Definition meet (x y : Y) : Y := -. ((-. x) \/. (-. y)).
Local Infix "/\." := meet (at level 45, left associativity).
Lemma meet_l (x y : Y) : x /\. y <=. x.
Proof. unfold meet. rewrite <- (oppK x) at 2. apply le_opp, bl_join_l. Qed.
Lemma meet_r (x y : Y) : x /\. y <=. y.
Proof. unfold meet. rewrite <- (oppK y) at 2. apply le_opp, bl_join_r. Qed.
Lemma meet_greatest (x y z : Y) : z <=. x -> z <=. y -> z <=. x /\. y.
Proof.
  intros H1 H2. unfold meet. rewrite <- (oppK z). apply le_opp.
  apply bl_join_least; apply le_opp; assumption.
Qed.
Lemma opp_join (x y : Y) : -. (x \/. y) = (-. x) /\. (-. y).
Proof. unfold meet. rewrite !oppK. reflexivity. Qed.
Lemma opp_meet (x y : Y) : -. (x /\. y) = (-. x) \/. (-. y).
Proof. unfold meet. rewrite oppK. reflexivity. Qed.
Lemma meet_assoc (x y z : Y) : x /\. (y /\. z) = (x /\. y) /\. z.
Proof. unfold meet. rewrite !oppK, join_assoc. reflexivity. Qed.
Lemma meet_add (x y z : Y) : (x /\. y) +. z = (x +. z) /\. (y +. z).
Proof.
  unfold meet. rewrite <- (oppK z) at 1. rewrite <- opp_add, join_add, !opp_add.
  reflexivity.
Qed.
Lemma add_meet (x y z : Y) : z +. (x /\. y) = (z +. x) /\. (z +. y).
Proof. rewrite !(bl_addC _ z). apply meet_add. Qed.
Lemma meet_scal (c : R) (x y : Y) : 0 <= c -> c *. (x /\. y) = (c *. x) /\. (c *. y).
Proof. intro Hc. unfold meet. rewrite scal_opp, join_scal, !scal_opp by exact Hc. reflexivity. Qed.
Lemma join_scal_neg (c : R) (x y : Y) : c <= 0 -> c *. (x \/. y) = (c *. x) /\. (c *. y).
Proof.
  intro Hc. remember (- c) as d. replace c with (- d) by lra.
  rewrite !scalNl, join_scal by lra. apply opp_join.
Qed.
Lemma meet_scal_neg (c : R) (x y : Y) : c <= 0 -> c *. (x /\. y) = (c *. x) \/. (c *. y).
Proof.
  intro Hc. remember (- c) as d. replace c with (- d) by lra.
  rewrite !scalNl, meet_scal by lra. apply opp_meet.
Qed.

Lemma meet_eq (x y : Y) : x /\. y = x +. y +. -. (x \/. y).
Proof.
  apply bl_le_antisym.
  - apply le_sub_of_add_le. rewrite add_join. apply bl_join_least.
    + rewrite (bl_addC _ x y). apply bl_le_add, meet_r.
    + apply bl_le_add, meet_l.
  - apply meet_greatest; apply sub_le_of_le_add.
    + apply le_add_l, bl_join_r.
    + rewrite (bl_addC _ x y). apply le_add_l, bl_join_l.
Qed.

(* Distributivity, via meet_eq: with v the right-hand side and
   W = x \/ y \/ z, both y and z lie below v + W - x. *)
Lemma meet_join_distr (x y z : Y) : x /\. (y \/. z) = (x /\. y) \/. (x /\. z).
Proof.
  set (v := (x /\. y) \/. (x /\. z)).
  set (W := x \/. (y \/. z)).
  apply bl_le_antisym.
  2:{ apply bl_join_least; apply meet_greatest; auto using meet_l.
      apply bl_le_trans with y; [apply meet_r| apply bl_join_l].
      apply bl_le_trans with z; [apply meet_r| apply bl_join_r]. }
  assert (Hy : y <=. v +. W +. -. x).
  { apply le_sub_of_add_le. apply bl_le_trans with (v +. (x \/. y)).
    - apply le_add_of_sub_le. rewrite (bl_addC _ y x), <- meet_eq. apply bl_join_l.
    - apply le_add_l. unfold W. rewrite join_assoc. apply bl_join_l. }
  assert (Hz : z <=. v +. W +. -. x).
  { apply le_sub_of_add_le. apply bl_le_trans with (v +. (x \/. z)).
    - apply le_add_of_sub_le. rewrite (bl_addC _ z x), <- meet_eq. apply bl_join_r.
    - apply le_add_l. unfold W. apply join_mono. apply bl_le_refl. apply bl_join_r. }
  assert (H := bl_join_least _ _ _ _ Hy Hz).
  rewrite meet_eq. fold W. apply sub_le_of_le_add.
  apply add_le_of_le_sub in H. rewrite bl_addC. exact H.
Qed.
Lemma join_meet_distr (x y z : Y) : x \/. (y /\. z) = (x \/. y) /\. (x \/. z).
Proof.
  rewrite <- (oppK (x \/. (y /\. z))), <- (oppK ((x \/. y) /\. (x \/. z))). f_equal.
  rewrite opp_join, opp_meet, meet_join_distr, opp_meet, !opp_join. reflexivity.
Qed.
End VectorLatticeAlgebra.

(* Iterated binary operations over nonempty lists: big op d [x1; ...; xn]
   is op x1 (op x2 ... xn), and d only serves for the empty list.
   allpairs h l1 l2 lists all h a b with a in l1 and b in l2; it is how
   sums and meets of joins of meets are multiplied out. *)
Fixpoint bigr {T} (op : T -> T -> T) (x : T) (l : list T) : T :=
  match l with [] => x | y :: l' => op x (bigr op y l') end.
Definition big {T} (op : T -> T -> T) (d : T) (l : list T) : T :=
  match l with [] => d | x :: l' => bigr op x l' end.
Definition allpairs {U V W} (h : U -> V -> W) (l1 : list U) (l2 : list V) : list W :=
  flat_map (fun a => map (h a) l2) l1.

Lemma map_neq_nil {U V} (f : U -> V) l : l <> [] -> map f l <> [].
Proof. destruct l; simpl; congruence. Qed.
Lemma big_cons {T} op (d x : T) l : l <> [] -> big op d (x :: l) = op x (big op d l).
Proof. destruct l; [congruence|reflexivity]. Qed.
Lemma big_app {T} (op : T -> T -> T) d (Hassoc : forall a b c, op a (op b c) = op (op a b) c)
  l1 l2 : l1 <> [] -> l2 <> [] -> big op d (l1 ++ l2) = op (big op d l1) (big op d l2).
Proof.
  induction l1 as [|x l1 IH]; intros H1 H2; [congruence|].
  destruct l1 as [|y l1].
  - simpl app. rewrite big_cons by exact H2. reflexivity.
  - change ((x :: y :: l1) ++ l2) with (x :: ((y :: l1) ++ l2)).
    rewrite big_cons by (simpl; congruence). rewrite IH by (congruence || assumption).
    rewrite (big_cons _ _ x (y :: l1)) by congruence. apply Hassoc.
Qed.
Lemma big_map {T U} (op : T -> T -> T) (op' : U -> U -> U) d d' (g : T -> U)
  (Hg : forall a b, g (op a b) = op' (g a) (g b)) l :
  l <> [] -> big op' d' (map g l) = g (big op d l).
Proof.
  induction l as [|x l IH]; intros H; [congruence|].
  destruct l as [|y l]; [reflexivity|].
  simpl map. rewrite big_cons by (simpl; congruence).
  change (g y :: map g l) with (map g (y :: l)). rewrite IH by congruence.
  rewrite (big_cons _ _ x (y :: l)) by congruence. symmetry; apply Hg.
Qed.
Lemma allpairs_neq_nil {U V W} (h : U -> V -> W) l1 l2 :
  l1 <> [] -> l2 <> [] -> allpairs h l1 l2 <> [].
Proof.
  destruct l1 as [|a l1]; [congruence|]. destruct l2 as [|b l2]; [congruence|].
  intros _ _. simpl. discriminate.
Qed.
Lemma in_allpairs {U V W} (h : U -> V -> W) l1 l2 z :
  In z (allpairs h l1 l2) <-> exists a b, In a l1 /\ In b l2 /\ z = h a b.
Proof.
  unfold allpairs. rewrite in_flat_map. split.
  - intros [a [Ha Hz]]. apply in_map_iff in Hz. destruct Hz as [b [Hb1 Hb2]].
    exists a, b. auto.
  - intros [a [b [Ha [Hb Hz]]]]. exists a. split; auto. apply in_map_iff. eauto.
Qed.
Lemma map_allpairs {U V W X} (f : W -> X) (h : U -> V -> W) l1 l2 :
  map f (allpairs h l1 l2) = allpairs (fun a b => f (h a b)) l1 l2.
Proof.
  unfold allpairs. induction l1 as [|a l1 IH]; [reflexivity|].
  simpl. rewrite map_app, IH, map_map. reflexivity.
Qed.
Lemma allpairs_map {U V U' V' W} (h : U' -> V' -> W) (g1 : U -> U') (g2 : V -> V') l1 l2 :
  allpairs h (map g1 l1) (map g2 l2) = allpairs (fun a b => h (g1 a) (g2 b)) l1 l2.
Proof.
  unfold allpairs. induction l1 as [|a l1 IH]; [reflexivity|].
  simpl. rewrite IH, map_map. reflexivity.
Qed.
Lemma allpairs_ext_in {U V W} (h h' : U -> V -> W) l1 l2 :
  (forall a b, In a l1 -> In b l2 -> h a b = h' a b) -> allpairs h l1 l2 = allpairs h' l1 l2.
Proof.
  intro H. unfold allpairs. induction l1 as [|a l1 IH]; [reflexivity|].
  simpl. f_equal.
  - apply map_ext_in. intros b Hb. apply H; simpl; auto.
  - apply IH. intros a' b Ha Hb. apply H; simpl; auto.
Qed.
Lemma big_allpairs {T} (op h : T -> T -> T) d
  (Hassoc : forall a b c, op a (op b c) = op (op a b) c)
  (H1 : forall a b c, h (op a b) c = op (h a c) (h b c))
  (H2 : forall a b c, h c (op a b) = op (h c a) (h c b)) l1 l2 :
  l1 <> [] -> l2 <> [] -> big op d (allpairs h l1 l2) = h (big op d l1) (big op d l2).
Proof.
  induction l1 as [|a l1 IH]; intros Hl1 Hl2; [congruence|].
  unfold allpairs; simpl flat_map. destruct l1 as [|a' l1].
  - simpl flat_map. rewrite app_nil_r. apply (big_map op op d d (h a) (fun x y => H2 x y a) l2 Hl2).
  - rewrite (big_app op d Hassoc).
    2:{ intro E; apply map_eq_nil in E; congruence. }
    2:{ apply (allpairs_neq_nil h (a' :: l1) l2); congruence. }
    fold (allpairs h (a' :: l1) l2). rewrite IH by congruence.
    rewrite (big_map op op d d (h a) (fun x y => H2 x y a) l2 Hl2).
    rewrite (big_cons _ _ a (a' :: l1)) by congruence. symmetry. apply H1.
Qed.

..............................

What the task requires: Lines after the one containing "unfold meet. rewrite <- (oppK z) at" are not part of the task. Output the entries exactly from their first line through that one.

Exercise response:
Definition meet (x y : Y) : Y := -. ((-. x) \/. (-. y)).
Local Infix "/\." := meet (at level 45, left associativity).
Lemma meet_l (x y : Y) : x /\. y <=. x.
Proof. unfold meet. rewrite <- (oppK x) at 2. apply le_opp, bl_join_l. Qed.
Lemma meet_r (x y : Y) : x /\. y <=. y.
Proof. unfold meet. rewrite <- (oppK y) at 2. apply le_opp, bl_join_r. Qed.
Lemma meet_greatest (x y z : Y) : z <=. x -> z <=. y -> z <=. x /\. y.
Proof.
  intros H1 H2. unfold meet. rewrite <- (oppK z). apply le_opp.
  apply bl_join_least; apply le_opp; assumption.
Qed.
Lemma opp_join (x y : Y) : -. (x \/. y) = (-. x) /\. (-. y).
Proof. unfold meet. rewrite !oppK. reflexivity. Qed.
Lemma opp_meet (x y : Y) : -. (x /\. y) = (-. x) \/. (-. y).
Proof. unfold meet. rewrite oppK. reflexivity. Qed.
Lemma meet_assoc (x y z : Y) : x /\. (y /\. z) = (x /\. y) /\. z.
Proof. unfold meet. rewrite !oppK, join_assoc. reflexivity. Qed.
Lemma meet_add (x y z : Y) : (x /\. y) +. z = (x +. z) /\. (y +. z).
Proof.
  unfold meet. rewrite <- (oppK z) at 1. rewrite <- opp_add, join_add, !opp_add.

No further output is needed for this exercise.